= Sigmundur Gudmundsson =

Icelandic-Swedish mathematician (born 1960)

Sigmundur Gudmundsson (/is/; born 1960) is an Icelandic-Swedish mathematician working at Lund University in the fields of differential geometry and global analysis. He is mainly interested in the geometric aspects of harmonic maps and their derivatives, such as harmonic morphisms and p-harmonic functions. His work is partially devoted to the existence theory of complex-valued harmonic morphisms and p-harmonic functions from Riemannian homogeneous spaces of various types, such as symmetric spaces and semisimple, solvable and nilpotent Lie groups.

Gudmundsson earned his Ph.D. from the University of Leeds in 1992, under the supervision of John C. Wood.

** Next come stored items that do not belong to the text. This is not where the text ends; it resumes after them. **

Lemma in_l2_finsupp N x : finsupp N x -> in_l2 x.
Proof.
move=> x0; have [] // := series_finsupp (f := fun n => vsqnorm (x n)) (N := N).
by move=> k /x0 ->; rewrite vsqnorm0.
Qed.

Lemma l2inner_finsupp N u v : (forall k, (N <= k)%N -> vinner (u k) (v k) = 0) ->
  l2inner u v = pinner N u v.
Proof.
move=> uv0; rewrite /l2inner.
have [_ ->] := series_finsupp (fun k Nk => congr1 (@complex.Re R) (uv0 k Nk)).
have [_ ->] := series_finsupp (fun k Nk => congr1 (@complex.Im R) (uv0 k Nk)).
rewrite -(raddf_sum (@complex.Re R : Rcomplex R -> R)).
rewrite -(raddf_sum (@complex.Im R : Rcomplex R -> R)).
by rewrite /pinner; case: (\sum_(k < N) _).
Qed.

End FiniteSupport.

Section QuadraticShift.
Variables (R : realType) (p : nat) (A : nat -> 'M[R[i]]_p).
Hypothesis A_herm : forall k, adjmx (A k) = A k.
Implicit Types (b c x : cseq R p) (lam : R[i]).
Local Notation W := (mw_shift A).

Definition mw_shift_adj x : cseq R p := fun k => A k *m x k.+1.
Local Notation Wadj := mw_shift_adj.

Definition qshift lam x : cseq R p := fun k => W x k + lam *: W (W x) k.

Definition qshift_adj lam x : cseq R p := fun k => Wadj x k + lam^*%C *: Wadj (Wadj x) k.

Lemma finsupp_shift N x : finsupp N x -> finsupp N.+1 (W x).
Proof. by move=> x0 [|k] // /x0 /= ->; rewrite mulmx0. Qed.

Lemma finsupp_shift_adj N x : finsupp N x -> finsupp N (Wadj x).
Proof. by move=> x0 k Nk; rewrite /mw_shift_adj x0 ?mulmx0 // ltnW. Qed.

Lemma finsupp_qshift N lam x : finsupp N x -> finsupp N.+2 (qshift lam x).
Proof.
move=> /finsupp_shift x0 k Nk.
by rewrite /qshift (finsupp_shift x0) ?x0 ?scaler0 ?addr0 // ltnW.
Qed.

Lemma finsupp_qshift_adj N lam x : finsupp N x -> finsupp N (qshift_adj lam x).
Proof.
move=> /finsupp_shift_adj x0 k Nk.
by rewrite /qshift_adj (finsupp_shift_adj x0) ?x0 ?scaler0 ?addr0.
Qed.

Lemma vanishes_below_shift m x : vanishes_below m x -> vanishes_below m.+1 (W x).
Proof. by move=> x0 [|k] // /x0 /= ->; rewrite mulmx0. Qed.

Lemma vanishes_below_qshift m lam x :
  vanishes_below m x -> vanishes_below m.+1 (qshift lam x).
Proof.
move=> /vanishes_below_shift x0 k km.
by rewrite /qshift x0 // (vanishes_below_shift x0) ?scaler0 ?addr0 // ltnW.
Qed.

Lemma pinner_shift_adjl N b x : pinner N (Wadj b) x = pinner N.+1 b (W x).
Proof.
rewrite /pinner big_ord_recl /= vinner0r add0r.
by apply: eq_bigr => k _; rewrite (vinner_herm _ _ (A_herm k)).
Qed.

Lemma pinner_shiftl N c x : pinner N.+1 (W c) x = pinner N c (Wadj x).
Proof.
rewrite /pinner big_ord_recl /= vinner0l add0r.
by apply: eq_bigr => k _; rewrite (vinner_herm _ _ (A_herm k)).
Qed.

Lemma pinner_qshift_adjl N lam b x : finsupp N x ->
  pinner N (qshift_adj lam b) x = pinner N.+2 b (qshift lam x).
Proof.
move=> x0; rewrite pinnerDl pinnerZl !pinner_shift_adjl pinnerDr pinnerZr.
by rewrite (pinner_finsuppr (M := N.+2) _ (finsupp_shift x0)).
Qed.

Lemma pinner_qshiftl N lam c x : finsupp N x ->
  pinner N.+2 (qshift lam c) x = pinner N.+2 c (qshift_adj lam x).
Proof.
move=> x0; rewrite pinnerDl pinnerZl !pinner_shiftl pinnerDr pinnerZr conjcK.
have x1 := finsupp_shift_adj x0; have x2 := finsupp_shift_adj x1.
rewrite !(pinner_finsuppr (M := N.+1) _ x1, pinner_finsuppr (M := N.+2) _ x1,
  pinner_finsuppr (M := N.+1) _ x2, pinner_finsuppr (M := N.+2) _ x2) //; lia.
Qed.

(* Test against the sequence equal to [c] at [k] and to [0] elsewhere. *)
Lemma qshift_adjE lam S : is_adjoint (qshift lam) S ->
  forall N b, finsupp N b -> S b = qshift_adj lam b.
Proof.
move=> [_ adjS] N b b0; apply/funext => k; apply: vinnerIr => c.
pose a : cseq R p := fun j => if j == k then c else 0.
have a0 : finsupp k.+1 a by move=> j kj; rewrite /a ifN // neq_ltn kj orbT.
have pinner_a w : pinner k.+1 a w = vinner c (w k).
  rewrite /pinner big_ord_recr /= /a eqxx big1 ?add0r // => j _.
  by rewrite ifN ?vinner0l // neq_ltn ltn_ord.
have b1 : finsupp (N + k.+1)%N b by move=> j Nj; rewrite b0 //; lia.
have := adjS a b (in_l2_finsupp a0) (in_l2_finsupp b0).
rewrite [l2inner a _](l2inner_finsupp (N := k.+1)); last by move=> j /a0 ->; rewrite vinner0l.
rewrite pinner_a => <-.
rewrite (l2inner_finsupp (N := (N + k.+1)%N.+2)); last first.
  by move=> j Nj; rewrite (finsupp_qshift lam a0) ?vinner0l //; lia.
by rewrite pinner_qshiftl // (pinner_finsuppl _ a0) ?pinner_a //; lia.
Qed.

Lemma qshift_hyponormal_finsupp lam N x : hyponormal (qshift lam) -> finsupp N x ->
  \sum_(k < N) vsqnorm (qshift_adj lam x k) <= \sum_(k < N.+2) vsqnorm (qshift lam x k).
Proof.
move=> [S [adjS S_pos]] x0.
have x2 : finsupp N.+2 x by move=> k Nk; rewrite x0 //; lia.
have := S_pos x (in_l2_finsupp x0).
rewrite (l2inner_finsupp (N := N.+2)); last by move=> k /x2 ->; rewrite vinner0r.
rewrite pinnerBl (qshift_adjE adjS (finsupp_qshift lam x0)) (qshift_adjE adjS x0).
rewrite (pinner_qshiftl lam (qshift_adj lam x) x0) pinner_qshift_adjl //.
rewrite (pinner_finsuppl _ (finsupp_qshift lam x0)); last lia.
rewrite (pinner_finsuppl _ (finsupp_qshift_adj lam x0)); last lia.
by rewrite /pinner !sum_vinner_self -rmorphB ler0c subr_ge0.
Qed.

Lemma qshift_hyponormal_window lam m L x : hyponormal (qshift lam) ->
  vanishes_below m x -> finsupp (m + L)%N x ->
  \sum_(i < L) vsqnorm (qshift_adj lam x (m + i)%N) <=
  \sum_(i < L.+2) vsqnorm (qshift lam x (m + i)%N).
Proof.
move=> hyp x_lo x_hi; have := qshift_hyponormal_finsupp hyp x_hi.
have W_lo : \sum_(k < m) vsqnorm (qshift lam x k) = 0.
  by rewrite big1 // => k _; rewrite (vanishes_below_qshift lam x_lo (ltnW (ltn_ord k))) vsqnorm0.
rewrite -!addnS !big_split_ord /= W_lo add0r; apply: le_trans.
by rewrite lerDr sumr_ge0 // => k _; apply: vsqnorm_ge0.
Qed.

End QuadraticShift.

Section Window.
Variables (R : realType) (p : nat) (A : nat -> 'M[R[i]]_p).
Implicit Types (s : seq 'cV[R[i]]_p) (lam : R[i]).

Definition window m s : cseq R p := fun k => if (k < m)%N then 0 else nth 0 s (k - m).

Lemma window_at m s i : window m s (m + i)%N = nth 0 s i.
Proof. by rewrite /window ltnNge leq_addr /= addKn. Qed.

Lemma vanishes_below_window m s : vanishes_below m (window m s).
Proof. by move=> k km; rewrite /window km. Qed.

Lemma finsupp_window m s : finsupp (m + size s)%N (window m s).
Proof.
move=> k mk; rewrite /window ltnNge (leq_trans (leq_addr _ _) mk) /=.
by rewrite nth_default // leq_subRL // (leq_trans (leq_addr _ _) mk).
Qed.

Lemma qshift_window1 lam m s : qshift A lam (window m s) (m + 1)%N = A m *m nth 0 s 0.
Proof.
have := window_at m s 0; rewrite addn0 /qshift addn1 /= => ->.
by rewrite (vanishes_below_shift A (vanishes_below_window (m := m) s) (ltnSn m)) mulmx0 scaler0 addr0.
Qed.

Lemma qshift_window lam m s i : qshift A lam (window m s) (m + i.+2)%N =
  A (m + i.+1)%N *m nth 0 s i.+1 + lam *: (A (m + i.+1)%N *m (A (m + i)%N *m nth 0 s i)).
Proof. by rewrite /qshift !addnS /= -!addnS !window_at. Qed.

Lemma qshift_adj_window lam m s i : qshift_adj A lam (window m s) (m + i)%N =
  A (m + i)%N *m nth 0 s i.+1 + lam^*%C *: (A (m + i)%N *m (A (m + i.+1)%N *m nth 0 s i.+2)).
Proof. by rewrite /qshift_adj /mw_shift_adj -!addnS !window_at. Qed.

End Window.

Section FlatDefect.
Variables (R : realType) (p : nat) (A : nat -> 'M[R[i]]_p).
Hypothesis A_herm : forall k, adjmx (A k) = A k.
Variables (m : nat) (eps : R) (Y z y : 'cV[R[i]]_p).
Hypotheses (flat : A m.+1 = A m.+2) (Az : A m *m z = A m.+2 *m (A m.+2 *m Y))
  (By : A m.+2 *m y = Y).

(* With [lam = - eps], the components of [qshift] at [m + 4], [m + 5] vanish and
   the one at [m + 3] equals that of [qshift_adj] at [m + 1]; what survives of
   the defect is of order [eps ^+ 4] and [eps ^+ 6]. *)
Definition flat_test_seq : seq 'cV[R[i]]_p :=
  [:: eps%:C ^+ 2 *: z; eps%:C *: Y; y; eps%:C *: Y; eps%:C ^+ 2 *: (A m.+3 *m Y)].

Lemma flat_defectC :
  \sum_(i < 7) vinner (qshift A (- eps%:C) (window m flat_test_seq) (m + i)%N)
                      (qshift A (- eps%:C) (window m flat_test_seq) (m + i)%N) -
  \sum_(i < 5) vinner (qshift_adj A (- eps%:C) (window m flat_test_seq) (m + i)%N)
                      (qshift_adj A (- eps%:C) (window m flat_test_seq) (m + i)%N) =
  - (eps%:C ^+ 4 * vinner (A m.+3 *m (A m.+3 *m Y) - A m.+2 *m (A m.+2 *m Y))
                          (A m.+3 *m (A m.+3 *m Y) - A m.+2 *m (A m.+2 *m Y))) +
  eps%:C ^+ 6 * (vinner (A m.+2 *m (A m.+2 *m (A m.+2 *m Y)))
                        (A m.+2 *m (A m.+2 *m (A m.+2 *m Y))) +
                 vinner (A m.+4.+1 *m (A m.+4 *m (A m.+3 *m Y)))
                        (A m.+4.+1 *m (A m.+4 *m (A m.+3 *m Y))) -
                 vinner (A m.+2 *m (A m.+3 *m (A m.+3 *m Y)))
                        (A m.+2 *m (A m.+3 *m (A m.+3 *m Y)))).
Proof.
have cJ1 : (eps%:C)^*%C = eps%:C := conjc_real eps.
have cJ2 : (eps%:C ^+ 2)^*%C = eps%:C ^+ 2 by rewrite -rmorphXn conjc_real.
have cJN : (- eps%:C)^*%C = - eps%:C by rewrite -rmorphN conjc_real.
rewrite !big_ord_recl !big_ord0 /= /bump /= !add1n.
rewrite !qshift_window !qshift_adj_window qshift_window1 addn0 cJN.
rewrite (vanishes_below_qshift A _ (vanishes_below_window (m := m) flat_test_seq) (ltnSn m)).
rewrite !addnS !addn0 /flat_test_seq; cbn [nth].
rewrite flat -!scalemxAr Az By !mulmx0 !scaler0.
have hB := A_herm m.+2.
have r1 : vinner (A m.+2 *m Y) (A m.+2 *m (A m.+2 *m (A m.+2 *m Y))) =
          vinner (A m.+2 *m (A m.+2 *m Y)) (A m.+2 *m (A m.+2 *m Y)).
  by rewrite -(vinner_herm _ _ hB).
have r2 : vinner (A m.+2 *m (A m.+2 *m (A m.+2 *m Y))) (A m.+2 *m Y) =
          vinner (A m.+2 *m (A m.+2 *m Y)) (A m.+2 *m (A m.+2 *m Y)).
  by rewrite (vinner_herm _ _ hB).
have r3 : vinner (A m.+2 *m Y) (A m.+2 *m (A m.+3 *m (A m.+3 *m Y))) =
          vinner (A m.+2 *m (A m.+2 *m Y)) (A m.+3 *m (A m.+3 *m Y)).
  by rewrite -(vinner_herm _ _ hB).
have r4 : vinner (A m.+2 *m (A m.+3 *m (A m.+3 *m Y))) (A m.+2 *m Y) =
          vinner (A m.+3 *m (A m.+3 *m Y)) (A m.+2 *m (A m.+2 *m Y)).
  by rewrite (vinner_herm _ _ hB).
(* Abstracting the vectors keeps unification from unfolding matrix products
   while the inner products are expanded. *)
move: r1 r2 r3 r4 cJ1 cJ2 cJN.
move: (A m.+2 *m (A m.+2 *m (A m.+2 *m Y))) (A m.+2 *m (A m.+3 *m (A m.+3 *m Y))) => a3 bk.
move: (A m.+4.+1 *m (A m.+4 *m (A m.+3 *m Y))) => l1.
move: (A m.+2 *m (A m.+2 *m Y)) (A m.+3 *m (A m.+3 *m Y)) (A m.+4 *m (A m.+3 *m Y)) => a2 k2 m1.
move: (A m.+2 *m Y) (A m.+3 *m Y) (A m *m Y) (eps%:C) => a1 k1 h E.
move=> r1 r2 r3 r4 cJ1 cJ2 cJN.
rewrite !(vinnerDl, vinnerDr, vinnerNl, vinnerNr, vinnerZl, vinnerZr, vinner0l, vinner0r).
by rewrite !cJ1 !cJ2 !cJN r1 r2 r3 r4; ring.
Qed.

Lemma flat_defect :
  \sum_(i < 7) vsqnorm (qshift A (- eps%:C) (window m flat_test_seq) (m + i)%N) -
  \sum_(i < 5) vsqnorm (qshift_adj A (- eps%:C) (window m flat_test_seq) (m + i)%N) =
  - (eps ^+ 4 * vsqnorm (A m.+3 *m (A m.+3 *m Y) - A m.+2 *m (A m.+2 *m Y))) +
  eps ^+ 6 * (vsqnorm (A m.+2 *m (A m.+2 *m (A m.+2 *m Y))) +
              vsqnorm (A m.+4.+1 *m (A m.+4 *m (A m.+3 *m Y))) -
              vsqnorm (A m.+2 *m (A m.+3 *m (A m.+3 *m Y)))).
Proof.
have sumC n (F : 'I_n -> 'cV[R[i]]_p) :
    (real_complex R : {rmorphism R -> R[i]}) (\sum_(i < n) vsqnorm (F i)) =
    \sum_(i < n) vinner (F i) (F i) by rewrite sum_vinner_self.
have rhsC (u1 u2 u3 u4 : 'cV[R[i]]_p) :
    (- (eps ^+ 4 * vsqnorm u1) + eps ^+ 6 * (vsqnorm u2 + vsqnorm u3 - vsqnorm u4))%:C =
    - (eps%:C ^+ 4 * vinner u1 u1) +
    eps%:C ^+ 6 * (vinner u2 u2 + vinner u3 u3 - vinner u4 u4).
  by rewrite !vinner_self rmorphD rmorphN !rmorphM rmorphB rmorphD.
by apply: complexI; rewrite rmorphB !sumC rhsC flat_defectC.
Qed.

End FlatDefect.

Lemma quad_hyponormal_flat_sqr (R : realType) p (A : nat -> 'M[R[i]]_p) :
  (forall k, adjmx (A k) = A k) -> (forall k, A k \in unitmx) ->
  quad_hyponormal (mw_shift A) ->
  forall m, A m.+1 = A m.+2 -> A m.+3 *m A m.+3 = A m.+2 *m A m.+2.
Proof.
move=> A_herm A_unit qh m flat; apply: mulmx_cVP => Y; rewrite -!mulmxA.
set B := A m.+2; set K := A m.+3.
suff d_le0 : vsqnorm (K *m (K *m Y) - B *m (B *m Y)) <= 0.
  apply/eqP; rewrite -subr_eq0; apply/eqP/vsqnorm_eq0.
  by apply/eqP; rewrite eq_le d_le0 vsqnorm_ge0.
apply: (le0_of_forall_leM (c := vsqnorm (B *m (B *m (B *m Y))) +
  vsqnorm (A m.+4.+1 *m (A m.+4 *m (K *m Y))) - vsqnorm (B *m (K *m (K *m Y))))).
move=> t t0; set eps := Num.sqrt t.
have Az : A m *m (invmx (A m) *m (B *m (B *m Y))) = B *m (B *m Y).
  by rewrite mulKVmx ?A_unit.
have By : B *m (invmx B *m Y) = Y by rewrite mulKVmx ?A_unit.
set s := flat_test_seq A m eps Y (invmx (A m) *m (B *m (B *m Y))) (invmx B *m Y).
have := qshift_hyponormal_window A_herm (qh (- eps%:C)) (vanishes_below_window s)
  (finsupp_window (m := m) (s := s)).
rewrite -subr_ge0 (flat_defect A_herm eps flat Az By).
have t2 : 0 < t ^+ 2 by rewrite exprn_gt0.
rewrite -[4%N]/(2 * 2)%N -[6%N]/(2 * 3)%N !exprM (sqr_sqrtr (ltW t0)) addrC subr_ge0.
by move=> h; rewrite -(ler_pM2l t2) mulrA -exprSr.
Qed.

Gudmundsson is the founder of the website Nordic-Math-Job advertising vacant academic positions in the Nordic university departments of Mathematics and Statistics. This started off in 1997 as a one-man show, but is now supported by the mathematical societies in the Nordic countries and the National Committee for Mathematics of
The Royal Swedish Academy of Sciences.

==Publications==
- An Introduction to Gaussian Geometry, Lund University (2025).
- An Introduction to Riemannian Geometry, Lund University (2025).